* [What is expected]
The output is the lines below from the one with "Lemma coord_rhs_floor p" through the one with "(co : forall", both included, printed exactly and with no other line.

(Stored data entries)
------------------------------------------------
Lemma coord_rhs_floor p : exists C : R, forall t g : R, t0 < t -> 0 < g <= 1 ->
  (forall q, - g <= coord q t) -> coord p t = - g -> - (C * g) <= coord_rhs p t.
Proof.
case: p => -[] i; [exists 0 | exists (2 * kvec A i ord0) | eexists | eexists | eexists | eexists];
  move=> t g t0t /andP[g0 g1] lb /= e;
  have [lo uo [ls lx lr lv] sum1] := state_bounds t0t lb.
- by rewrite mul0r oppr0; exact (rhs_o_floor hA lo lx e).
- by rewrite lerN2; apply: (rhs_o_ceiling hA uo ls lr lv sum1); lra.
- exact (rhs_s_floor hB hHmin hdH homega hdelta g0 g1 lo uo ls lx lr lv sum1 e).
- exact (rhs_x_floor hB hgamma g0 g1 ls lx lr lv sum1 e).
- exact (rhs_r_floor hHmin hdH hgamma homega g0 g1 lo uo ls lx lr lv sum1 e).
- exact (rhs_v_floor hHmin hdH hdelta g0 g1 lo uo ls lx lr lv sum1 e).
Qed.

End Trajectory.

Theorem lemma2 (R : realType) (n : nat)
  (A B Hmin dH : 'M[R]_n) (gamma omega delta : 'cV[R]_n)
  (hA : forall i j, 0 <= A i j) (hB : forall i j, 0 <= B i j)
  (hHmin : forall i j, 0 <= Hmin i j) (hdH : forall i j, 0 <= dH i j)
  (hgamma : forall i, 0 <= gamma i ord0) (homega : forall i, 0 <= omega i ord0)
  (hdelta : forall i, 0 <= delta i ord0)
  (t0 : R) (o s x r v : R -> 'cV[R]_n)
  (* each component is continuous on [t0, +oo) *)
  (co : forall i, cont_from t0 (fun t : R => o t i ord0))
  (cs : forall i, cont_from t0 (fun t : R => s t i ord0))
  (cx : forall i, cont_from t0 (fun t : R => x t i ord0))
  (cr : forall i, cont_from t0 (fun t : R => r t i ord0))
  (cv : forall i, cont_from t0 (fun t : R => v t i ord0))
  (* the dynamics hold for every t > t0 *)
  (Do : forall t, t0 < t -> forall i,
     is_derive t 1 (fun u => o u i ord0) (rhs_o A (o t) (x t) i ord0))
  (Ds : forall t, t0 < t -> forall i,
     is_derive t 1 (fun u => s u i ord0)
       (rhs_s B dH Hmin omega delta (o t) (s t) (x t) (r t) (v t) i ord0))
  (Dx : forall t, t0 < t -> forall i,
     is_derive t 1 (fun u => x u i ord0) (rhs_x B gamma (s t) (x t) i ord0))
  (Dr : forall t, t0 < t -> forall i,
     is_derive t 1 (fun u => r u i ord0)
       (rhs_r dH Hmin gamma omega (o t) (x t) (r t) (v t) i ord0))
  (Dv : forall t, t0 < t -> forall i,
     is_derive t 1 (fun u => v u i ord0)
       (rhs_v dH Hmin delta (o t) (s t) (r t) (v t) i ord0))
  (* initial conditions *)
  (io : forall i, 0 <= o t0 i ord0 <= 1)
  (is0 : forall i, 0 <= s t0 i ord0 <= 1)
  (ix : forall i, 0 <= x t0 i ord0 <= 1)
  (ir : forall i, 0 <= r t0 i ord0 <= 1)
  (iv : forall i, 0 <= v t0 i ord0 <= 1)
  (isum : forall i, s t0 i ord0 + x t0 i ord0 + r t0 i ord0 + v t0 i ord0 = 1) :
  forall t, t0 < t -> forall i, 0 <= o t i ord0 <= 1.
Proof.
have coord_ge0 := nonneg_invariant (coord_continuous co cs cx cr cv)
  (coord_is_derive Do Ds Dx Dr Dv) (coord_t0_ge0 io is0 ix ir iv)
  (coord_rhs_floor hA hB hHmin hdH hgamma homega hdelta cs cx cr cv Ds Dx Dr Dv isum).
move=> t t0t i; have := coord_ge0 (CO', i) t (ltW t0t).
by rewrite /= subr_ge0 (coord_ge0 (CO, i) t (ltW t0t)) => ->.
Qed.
------------------------------------------------
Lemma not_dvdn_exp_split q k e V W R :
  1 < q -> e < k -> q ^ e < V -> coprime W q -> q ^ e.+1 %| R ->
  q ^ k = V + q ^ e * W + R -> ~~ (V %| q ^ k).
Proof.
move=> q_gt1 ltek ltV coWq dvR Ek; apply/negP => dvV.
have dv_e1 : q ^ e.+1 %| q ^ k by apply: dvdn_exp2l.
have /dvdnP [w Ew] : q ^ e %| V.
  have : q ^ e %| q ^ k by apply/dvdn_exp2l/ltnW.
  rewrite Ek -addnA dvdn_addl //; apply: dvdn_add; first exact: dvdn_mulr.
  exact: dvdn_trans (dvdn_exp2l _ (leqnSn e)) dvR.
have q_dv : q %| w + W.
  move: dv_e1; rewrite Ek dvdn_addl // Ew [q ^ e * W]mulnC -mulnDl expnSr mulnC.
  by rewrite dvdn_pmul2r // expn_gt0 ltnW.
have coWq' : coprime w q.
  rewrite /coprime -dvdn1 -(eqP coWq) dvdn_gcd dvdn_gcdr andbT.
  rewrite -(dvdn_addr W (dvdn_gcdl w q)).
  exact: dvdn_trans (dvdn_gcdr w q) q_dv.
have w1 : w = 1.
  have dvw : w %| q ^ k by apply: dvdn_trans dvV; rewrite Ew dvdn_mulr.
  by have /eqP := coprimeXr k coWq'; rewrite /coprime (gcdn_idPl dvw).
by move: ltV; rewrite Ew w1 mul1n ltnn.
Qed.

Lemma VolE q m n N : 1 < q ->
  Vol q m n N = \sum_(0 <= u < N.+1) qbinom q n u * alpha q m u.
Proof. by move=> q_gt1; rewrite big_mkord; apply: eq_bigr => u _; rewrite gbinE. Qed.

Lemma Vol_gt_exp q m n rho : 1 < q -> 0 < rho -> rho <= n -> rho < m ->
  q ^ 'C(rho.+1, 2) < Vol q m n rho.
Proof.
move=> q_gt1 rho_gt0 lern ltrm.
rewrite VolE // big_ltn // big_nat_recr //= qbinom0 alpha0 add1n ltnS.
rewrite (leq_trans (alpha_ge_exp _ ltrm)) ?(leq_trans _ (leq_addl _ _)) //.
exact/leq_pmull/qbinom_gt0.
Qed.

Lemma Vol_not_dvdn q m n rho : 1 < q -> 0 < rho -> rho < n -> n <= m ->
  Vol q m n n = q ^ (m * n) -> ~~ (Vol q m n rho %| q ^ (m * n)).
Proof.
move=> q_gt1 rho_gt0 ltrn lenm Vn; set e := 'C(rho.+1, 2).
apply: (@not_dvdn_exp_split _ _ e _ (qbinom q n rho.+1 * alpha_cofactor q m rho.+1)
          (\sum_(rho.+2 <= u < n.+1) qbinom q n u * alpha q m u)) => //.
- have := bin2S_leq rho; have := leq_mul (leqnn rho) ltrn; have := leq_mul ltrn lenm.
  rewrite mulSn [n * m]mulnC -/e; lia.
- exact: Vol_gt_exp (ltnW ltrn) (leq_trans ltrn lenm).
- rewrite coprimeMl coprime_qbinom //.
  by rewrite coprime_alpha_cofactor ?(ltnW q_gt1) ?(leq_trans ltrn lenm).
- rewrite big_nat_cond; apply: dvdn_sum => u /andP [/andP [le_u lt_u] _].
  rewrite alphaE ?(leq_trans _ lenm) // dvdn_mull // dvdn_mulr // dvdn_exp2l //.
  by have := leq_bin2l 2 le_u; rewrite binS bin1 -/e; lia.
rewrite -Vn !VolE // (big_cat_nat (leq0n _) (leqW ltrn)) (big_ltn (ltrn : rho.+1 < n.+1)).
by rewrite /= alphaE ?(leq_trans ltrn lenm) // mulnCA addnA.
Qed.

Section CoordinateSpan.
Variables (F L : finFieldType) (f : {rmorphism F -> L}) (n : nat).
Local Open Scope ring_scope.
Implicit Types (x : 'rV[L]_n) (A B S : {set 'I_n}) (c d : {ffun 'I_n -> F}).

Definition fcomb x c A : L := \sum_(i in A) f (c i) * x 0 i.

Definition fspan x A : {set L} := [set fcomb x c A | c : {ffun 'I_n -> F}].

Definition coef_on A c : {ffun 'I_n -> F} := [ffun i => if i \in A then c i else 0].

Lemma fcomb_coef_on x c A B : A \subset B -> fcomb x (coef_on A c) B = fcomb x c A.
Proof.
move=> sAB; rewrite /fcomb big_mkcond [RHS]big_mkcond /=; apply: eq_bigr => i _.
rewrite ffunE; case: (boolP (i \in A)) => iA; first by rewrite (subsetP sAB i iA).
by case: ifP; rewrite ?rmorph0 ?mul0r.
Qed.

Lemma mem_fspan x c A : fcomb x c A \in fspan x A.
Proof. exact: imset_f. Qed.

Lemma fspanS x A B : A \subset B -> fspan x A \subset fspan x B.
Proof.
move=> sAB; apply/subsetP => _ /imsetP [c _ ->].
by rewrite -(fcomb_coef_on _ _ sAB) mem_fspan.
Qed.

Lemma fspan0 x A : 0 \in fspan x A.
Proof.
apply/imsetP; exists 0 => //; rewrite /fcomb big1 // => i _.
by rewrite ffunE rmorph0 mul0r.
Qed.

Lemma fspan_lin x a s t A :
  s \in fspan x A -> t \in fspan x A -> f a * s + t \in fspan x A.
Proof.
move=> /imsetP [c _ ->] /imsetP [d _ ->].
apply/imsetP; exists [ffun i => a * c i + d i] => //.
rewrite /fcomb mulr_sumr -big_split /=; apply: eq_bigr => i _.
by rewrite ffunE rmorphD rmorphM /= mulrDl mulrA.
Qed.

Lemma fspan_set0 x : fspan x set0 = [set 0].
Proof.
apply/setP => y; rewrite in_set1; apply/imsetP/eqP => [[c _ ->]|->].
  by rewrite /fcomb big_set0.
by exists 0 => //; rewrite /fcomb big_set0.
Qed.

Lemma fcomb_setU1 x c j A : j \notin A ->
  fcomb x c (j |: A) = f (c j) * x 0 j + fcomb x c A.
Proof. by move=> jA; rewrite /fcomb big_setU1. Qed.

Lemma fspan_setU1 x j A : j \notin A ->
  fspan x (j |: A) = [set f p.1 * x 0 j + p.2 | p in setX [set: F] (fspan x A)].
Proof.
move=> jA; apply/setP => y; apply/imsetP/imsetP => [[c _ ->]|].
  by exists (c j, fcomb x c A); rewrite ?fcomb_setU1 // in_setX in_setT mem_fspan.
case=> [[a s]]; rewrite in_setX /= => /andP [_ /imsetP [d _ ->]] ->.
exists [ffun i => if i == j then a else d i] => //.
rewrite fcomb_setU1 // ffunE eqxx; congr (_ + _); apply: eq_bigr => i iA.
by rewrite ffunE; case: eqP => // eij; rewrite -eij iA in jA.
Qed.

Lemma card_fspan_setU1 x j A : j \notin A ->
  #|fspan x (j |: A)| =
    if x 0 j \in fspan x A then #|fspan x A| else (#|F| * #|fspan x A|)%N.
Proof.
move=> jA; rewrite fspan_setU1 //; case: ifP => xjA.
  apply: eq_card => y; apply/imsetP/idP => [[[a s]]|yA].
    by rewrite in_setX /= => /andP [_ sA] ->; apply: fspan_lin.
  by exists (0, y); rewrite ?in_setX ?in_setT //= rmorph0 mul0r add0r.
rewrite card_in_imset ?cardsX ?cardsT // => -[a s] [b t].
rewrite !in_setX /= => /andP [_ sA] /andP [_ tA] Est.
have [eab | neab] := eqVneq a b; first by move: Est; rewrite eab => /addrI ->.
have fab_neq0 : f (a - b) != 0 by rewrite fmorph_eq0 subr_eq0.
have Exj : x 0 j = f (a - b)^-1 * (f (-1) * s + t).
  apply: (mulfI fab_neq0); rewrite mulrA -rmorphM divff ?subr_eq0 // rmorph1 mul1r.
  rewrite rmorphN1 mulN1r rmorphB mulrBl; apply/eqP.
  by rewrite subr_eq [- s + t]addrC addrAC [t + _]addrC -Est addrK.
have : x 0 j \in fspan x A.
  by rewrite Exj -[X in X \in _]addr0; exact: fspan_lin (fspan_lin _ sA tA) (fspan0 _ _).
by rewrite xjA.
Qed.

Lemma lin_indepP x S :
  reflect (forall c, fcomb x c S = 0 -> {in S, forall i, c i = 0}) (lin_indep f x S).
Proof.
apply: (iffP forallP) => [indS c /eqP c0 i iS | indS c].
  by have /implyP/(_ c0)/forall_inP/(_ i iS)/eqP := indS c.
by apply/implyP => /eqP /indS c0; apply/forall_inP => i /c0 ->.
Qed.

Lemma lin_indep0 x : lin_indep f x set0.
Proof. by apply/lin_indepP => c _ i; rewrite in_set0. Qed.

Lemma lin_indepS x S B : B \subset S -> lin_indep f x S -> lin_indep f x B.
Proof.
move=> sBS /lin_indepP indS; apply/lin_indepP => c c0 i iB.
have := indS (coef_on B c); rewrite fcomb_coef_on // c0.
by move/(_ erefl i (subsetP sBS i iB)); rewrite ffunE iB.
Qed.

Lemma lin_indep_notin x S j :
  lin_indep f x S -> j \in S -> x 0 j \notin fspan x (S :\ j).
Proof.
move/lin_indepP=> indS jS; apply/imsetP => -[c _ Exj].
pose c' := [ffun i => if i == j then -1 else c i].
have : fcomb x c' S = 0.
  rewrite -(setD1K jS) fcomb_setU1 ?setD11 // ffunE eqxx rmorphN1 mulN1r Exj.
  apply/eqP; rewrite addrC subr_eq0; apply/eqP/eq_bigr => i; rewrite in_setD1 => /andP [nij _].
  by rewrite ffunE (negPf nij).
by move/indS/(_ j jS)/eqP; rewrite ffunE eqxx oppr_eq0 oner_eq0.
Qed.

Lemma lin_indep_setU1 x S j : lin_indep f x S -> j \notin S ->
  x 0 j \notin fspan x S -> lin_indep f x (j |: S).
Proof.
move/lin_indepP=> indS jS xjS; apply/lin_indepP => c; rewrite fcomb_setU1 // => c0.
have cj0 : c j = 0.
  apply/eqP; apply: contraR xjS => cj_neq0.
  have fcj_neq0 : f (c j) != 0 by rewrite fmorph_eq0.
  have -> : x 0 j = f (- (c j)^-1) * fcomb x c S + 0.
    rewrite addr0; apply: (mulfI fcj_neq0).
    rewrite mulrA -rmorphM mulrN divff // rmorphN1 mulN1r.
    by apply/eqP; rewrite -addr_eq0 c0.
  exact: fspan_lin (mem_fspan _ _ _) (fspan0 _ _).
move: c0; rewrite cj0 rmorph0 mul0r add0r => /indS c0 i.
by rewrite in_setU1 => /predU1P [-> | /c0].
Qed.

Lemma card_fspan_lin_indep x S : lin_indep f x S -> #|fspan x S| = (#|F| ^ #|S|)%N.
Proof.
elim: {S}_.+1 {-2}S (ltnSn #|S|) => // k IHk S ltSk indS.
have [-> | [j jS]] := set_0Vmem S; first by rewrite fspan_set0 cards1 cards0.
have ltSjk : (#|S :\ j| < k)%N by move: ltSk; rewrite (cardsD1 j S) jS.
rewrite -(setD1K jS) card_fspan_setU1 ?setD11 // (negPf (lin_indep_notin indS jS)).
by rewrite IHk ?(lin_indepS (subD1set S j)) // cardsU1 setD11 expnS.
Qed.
------------------------------------------------
* [Reply]
Lemma coord_rhs_floor p : exists C : R, forall t g : R, t0 < t -> 0 < g <= 1 ->
  (forall q, - g <= coord q t) -> coord p t = - g -> - (C * g) <= coord_rhs p t.
Proof.
case: p => -[] i; [exists 0 | exists (2 * kvec A i ord0) | eexists | eexists | eexists | eexists];
  move=> t g t0t /andP[g0 g1] lb /= e;
  have [lo uo [ls lx lr lv] sum1] := state_bounds t0t lb.
- by rewrite mul0r oppr0; exact (rhs_o_floor hA lo lx e).
- by rewrite lerN2; apply: (rhs_o_ceiling hA uo ls lr lv sum1); lra.
- exact (rhs_s_floor hB hHmin hdH homega hdelta g0 g1 lo uo ls lx lr lv sum1 e).
- exact (rhs_x_floor hB hgamma g0 g1 ls lx lr lv sum1 e).
- exact (rhs_r_floor hHmin hdH hgamma homega g0 g1 lo uo ls lx lr lv sum1 e).
- exact (rhs_v_floor hHmin hdH hdelta g0 g1 lo uo ls lx lr lv sum1 e).
Qed.

End Trajectory.

Theorem lemma2 (R : realType) (n : nat)
  (A B Hmin dH : 'M[R]_n) (gamma omega delta : 'cV[R]_n)
  (hA : forall i j, 0 <= A i j) (hB : forall i j, 0 <= B i j)
  (hHmin : forall i j, 0 <= Hmin i j) (hdH : forall i j, 0 <= dH i j)
  (hgamma : forall i, 0 <= gamma i ord0) (homega : forall i, 0 <= omega i ord0)
  (hdelta : forall i, 0 <= delta i ord0)
  (t0 : R) (o s x r v : R -> 'cV[R]_n)
  (* each component is continuous on [t0, +oo) *)
  (co : forall i, cont_from t0 (fun t : R => o t i ord0))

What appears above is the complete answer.